From January 12 to 19, 2014, Pre-Columbian Studies held an objects-based workshop to initiate the production of the catalogue of Ancient Central American and Colombian Art at Dumbarton Oaks. Roundtable discussions, presentations, group object viewings, and individual analyses shaped the descriptions of the collection and the thematic direction of the projected publication. Authors completed first drafts of the catalogue entries that placed the Dumbarton Oaks objects in the context of other museum collections and archaeologically recovered materials.

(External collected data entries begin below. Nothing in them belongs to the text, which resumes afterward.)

(* For every digraph $F$, $\mathrm{mad}_{\vec{\chi}}(F)\leq 4^{m-n+\mathrm{cc}(F)}(n-1)+1$, where $m=|A(F)|$, $n=|V(F)|$ and $\mathrm{cc}(F)$ is the number of connected components of the underlying graph of $F$.
   Context: $\vec{\chi}(D)$ is the dichromatic number (least $k$ such that $V(D)$ partitions into $k$ sets inducing acyclic subdigraphs). A subdivision of $F$ is obtained by replacing each arc $(x,y)$ by a directed $(x,y)$-path, internally disjoint with new internal vertices. $\mathrm{mad}_{\vec{\chi}}(F)$ is the least integer $c$ such that every digraph $D$ with $\vec{\chi}(D)\ge c$ contains a subdivision of $F$ as a subdigraph (such $c$ exists for every digraph $F$). *)

From mathcomp Require Import all_boot.
Set Implicit Arguments. Unset Strict Implicit. Unset Printing Implicit Defensive.

(* Parallel arcs are
   impossible in this representation; digons (x->y and y->x) are allowed. *)
Definition digraph (V : finType) (A : rel V) : Prop := irreflexive A.

Definition induced (V : finType) (A : rel V) (S : {set V}) : rel V :=
  fun x y => [&& A x y, x \in S & y \in S].

Definition acyclic_set (V : finType) (A : rel V) (S : {set V}) : bool :=
  [forall x, forall y, induced A S x y ==> ~~ connect (induced A S) y x].

Definition dicolourable (V : finType) (A : rel V) (k : nat) : bool :=
  [exists f : {ffun V -> 'I_k}, [forall i : 'I_k, acyclic_set A [set x | f x == i]]].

Invited participants included: Richard Cooke of the Smithsonian Tropical Research Institute in Panama, Francisco Corrales Ulloa of the National Museum of Costa Rica, John Hoopes of the University of Kansas, Julia Mayo of the Fundación El Caño in Panama, David Mora-Marín of the University of North Carolina at Chapel Hill, Karen O’Day of the University of Wisconsin–Eau Claire, Silvia Salgado of the University of Costa Rica, and Maria Alicia Uribe Villegas, director of the Gold Museum of Bogotá. Colleagues from the Smithsonian National Museum of the American Indian and Museum Conservation Institute, as well as from the Los Angeles County Museum of Art, joined Dumbarton Oaks staff and fellows in a lively and productive discussion.

The workshop set the stage for further synthetic essays in the catalogue, as well as future avenues for technical analysis of both stone and metal objects. One of the main objectives identified by participants was the need for an iconographic concordance based on photographs and drawings, as well as a visual, biological, and technological glossary to guide future research on the art and archaeology of the area.